La grand-mère qui vendait des fruits rares pour presque rien a été arrêtée lorsqu’on a découvert d’où ils venaient

Un matin très tôt, le silence planait encore au-dessus de la vieille rue d’une petite ville autrichienne, Braunau-am-Inn. La brume montait de la rivière, les pavés encore humides brillaient après la pluie nocturne. Les marchands installaient leurs étals, ouvraient les parasols, posaient pommes, fromages et pâtisseries.
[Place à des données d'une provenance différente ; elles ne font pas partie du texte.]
Lemma sum_ln_1p_le_ln_integral (s : nat -> R) (h : R -> R) c n :
  (forall i, (i < n)%nat -> 0 <= s i) -> is_RInt h 0 1 c -> 0 < c ->
  (forall t, 0 < t < 1 -> Rprod (fun i => Rmax t (s i * (1 - t))) n <= h t) ->
  Rsum (fun i => ln (1 + s i) - 1) n <= ln c.
Proof.
intros Hs Hh Hc Hprod.
assert (Hmax_pos : forall t, 0 < t -> forall i, (i < n)%nat -> 0 < Rmax t (s i * (1 - t))).
{ intros t Ht i _. apply Rlt_le_trans with t; [lra | apply Rmax_l]. }
apply (le_of_forall_le_add_mul _ _ (Rsum (fun i => s i + 2) n - ln c + 1) (/ 2));
  [lra|].
intros d Hd.
destruct (is_RInt_sum_ln_max_ge s d n Hs Hd) as [V [HV Hle]].
enough (V <= ln c - d * (ln c - 1)) by lra.
apply (is_RInt_le_ln_integral _ h d V c ltac:(lra) Hc HV Hh).
- intros t Ht. apply Rle_trans with (2 := Hprod t ltac:(lra)).
  apply Rlt_le, Rprod_pos, Hmax_pos; lra.
- intros t Ht.
  assert (Hpos : 0 < Rprod (fun i => Rmax t (s i * (1 - t))) n)
    by (apply Rprod_pos, Hmax_pos; lra).
  split; [pose proof (Hprod t ltac:(lra)); lra|].
  rewrite <- ln_Rprod by (apply Hmax_pos; lra).
  apply ln_le_compat; [exact Hpos | apply Hprod; lra].
Qed.

Lemma is_RInt_Rsum (f : nat -> R -> R) (I : nat -> R) a b n :
  (forall j, (j < n)%nat -> is_RInt (f j) a b (I j)) ->
  is_RInt (fun t => Rsum (fun j => f j t) n) a b (Rsum I n).
Proof.
induction n as [|n IH]; intros H; simpl.
- eapply is_RInt_eq; [apply is_RInt_const|]. unfold scal; simpl; unfold mult; simpl. ring.
- apply (is_RInt_plus (fun t => Rsum (fun j => f j t) n) (f n)).
  + apply IH. intros; apply H; lia.
  + apply H; lia.
Qed.

Lemma Binomial_pos n j : 0 < Binomial.C n j.
Proof.
unfold Binomial.C. apply Rdiv_lt_0_compat; [|apply Rmult_lt_0_compat]; apply INR_fact_lt_0.
Qed.

Lemma is_RInt_bernstein (w : nat -> R) N :
  is_RInt (fun t => Rsum (fun j => w j * (t ^ j * (1 - t) ^ (N - j))) (S N)) 0 1
    (Rsum (fun j => w j / Binomial.C N j) (S N) / (INR N + 1)).
Proof.
eapply is_RInt_eq.
- apply (is_RInt_Rsum (fun j t => w j * (t ^ j * (1 - t) ^ (N - j)))).
  intros j _. apply (is_RInt_scal (fun t => t ^ j * (1 - t) ^ (N - j))), is_RInt_beta.
- unfold Rdiv at 2. rewrite Rsum_mult_r. apply Rsum_ext. intros j Hj.
  replace (j + (N - j) + 1)%nat with (S N) by lia.
  rewrite fact_simpl, mult_INR, S_INR. unfold Binomial.C, scal; simpl; unfold mult; simpl.
  pose proof (INR_fact_lt_0 N). pose proof (INR_fact_lt_0 j).
  pose proof (INR_fact_lt_0 (N - j)). pose proof (pos_INR N).
  field. repeat split; lra.
Qed.

Lemma ln_sqrt x : 0 < x -> ln (sqrt x) = ln x / 2.
Proof.
intros Hx. assert (0 < sqrt x) by (apply sqrt_lt_R0; lra).
rewrite <- (sqrt_sqrt x) at 2 by lra. rewrite ln_mult by lra. field.
Qed.

Lemma Cnorm2_nonneg z : 0 <= Cnorm2 z.
Proof. unfold Cnorm2. nra. Qed.

Lemma Cnorm2_pos z : z <> C0 -> 0 < Cnorm2 z.
Proof.
destruct z as [x y]. unfold Cnorm2, Cre, Cim; simpl. intros H.
destruct (Req_dec x 0) as [->|]; destruct (Req_dec y 0) as [->|]; try nra.
exfalso. now apply H.
Qed.

Lemma Csub_neq0 z w : z <> w -> Csub z w <> C0.
Proof.
destruct z as [x y], w as [x' y']. unfold Csub, C0, Cre, Cim; simpl.
intros H E. injection E as E1 E2. apply H. f_equal; lra.
Qed.

Lemma Cabs_pos z : z <> C0 -> 0 < Cabs z.
Proof. intros H. apply sqrt_lt_R0, Cnorm2_pos, H. Qed.

Lemma ln_Cabs z : z <> C0 -> ln (Cabs z) = ln (Cnorm2 z) / 2.
Proof. intros H. apply ln_sqrt, Cnorm2_pos, H. Qed.

Lemma sphere_height_lt_1 a b c : on_sphere (a, b, c) -> not_north (a, b, c) -> c < 1.
Proof. unfold on_sphere, not_north. intros Hs Hn. destruct (Rle_lt_dec 1 c); [nra | lra]. Qed.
Et parmi eux — comme toujours — elle était là.
Elle s’appelait Greta Lange, 78 ans.
Petite, courbée, enveloppée dans un châle de laine grise, elle dépliait sa vieille table et y déposait la même corbeille — remplie de fruits.
Mais pas des pommes ordinaires.
Des fruits étranges, inconnus — des sphères violet foncé ressemblant à des figues, mais à la chair ambrée. Parfois verts, nervurés, comme sortis d’un conte.
Personne d’autre n’en avait.

Et elle les vendait pour presque rien — un euro pièce, alors que tout le monde savait que toute exotique coûte beaucoup plus cher.

— Frau Greta, d’où viennent ces fruits ? — demandait souvent sa voisine de stand, la boulangère Anna Krause.

La vieille souriait simplement :
— De mon petit-fils. C’est lui qui me les apporte.

Tous pensaient que le petit-fils travaillait à l’étranger : en Italie, en Grèce… nul ne savait.
Personne n’imaginait ce qui se cachait derrière.

Un matin, une voiture noire arborant l’emblème de la police s’arrêta près du marché.
En descendirent l’inspecteur Jonas Klein et l’officière Marta Vogel.
Ils allèrent droit vers la table de Greta.

— Frau Lange, nous devons vous poser quelques questions. Vous vendez ces fruits sans autorisation ?

— Je veux juste que les enfants mangent quelque chose de bon et de sain… — répondit-elle calmement.

Mais Marta sortit une photographie.
Le même fruit.
Et sur le rapport :
« Retrouvé dans la résidence du Dr Stefan Müller. Serre expérimentale. 14 spécimens disparus. Hybride rare, modifié génétiquement. Haute toxicité en cas de traitement incorrect. »

Jonas fixa longuement la vieille femme.

— Comprenez-vous que ces fruits ne doivent pas circuler librement ? Où se trouve cette serre ? Où est votre petit-fils ?

Greta baissa les yeux.
Ses mains tremblaient légèrement.

— Mon petit-fils… Leon… ne m’apporte rien.
Il a disparu il y a trois ans.

— Disparu ? Comment ça ?

— Il travaillait comme assistant du Dr Müller. Un jour, il n’est pas rentré. La police m’a dit : “Un adulte, il est parti.”
Mais… j’ai trouvé son journal.
Il y avait l’adresse de la serre.
J’y suis allée.
Et chaque fois… j’en ramenais quelques fruits.
Si les gens les goûtent… alors le travail de Leon n’aura pas été vain.

La police hésita — puis se rendit à l’adresse indiquée.

Derrière une forêt, sur le terrain d’un vieux manoir, ils trouvèrent une maison délabrée.
Derrière elle — une serre cachée.
Un dôme de verre couvert de mousse et de fissures.
À l’intérieur — des dizaines de plantes étranges : fleurs aux feuilles transparentes, arbres à écorce noire, et ces mêmes fruits.

Sur une table métallique — un carnet moisi.
Première page :
« Leon Lange — Journal personnel ».
La dernière ligne, à moitié effacée, disait :
« Si ma grand-mère apprend que le projet est fermé, elle perdra tout. Si je disparais — que les fruits, au moins, restent… »

Greta fut arrêtée :
accès illégal à une propriété privée,
diffusion de plantes génétiquement modifiées,
risques potentiels pour la santé.

Les gens du marché murmuraient : certains pleuraient, d’autres filmaient.
Quand on la fit monter dans la voiture, elle dit simplement :

— Je ne les vendais pas… je partageais de l’espoir.

Plus tard, les fruits furent analysés.

Et la surprise fut totale.
Le professeur Lukas Werner déclara :
— Celui qui a créé cela… est un génie. Il n’existe rien de comparable au monde.
Et cette grand-mère n’est pas une criminelle.
Elle est la dernière à connaître le chemin menant au laboratoire disparu.

La ville se divisa alors en deux camps :
ceux qui demandaient sa libération…
et ceux qui craignaient que ces fruits puissent tout changer.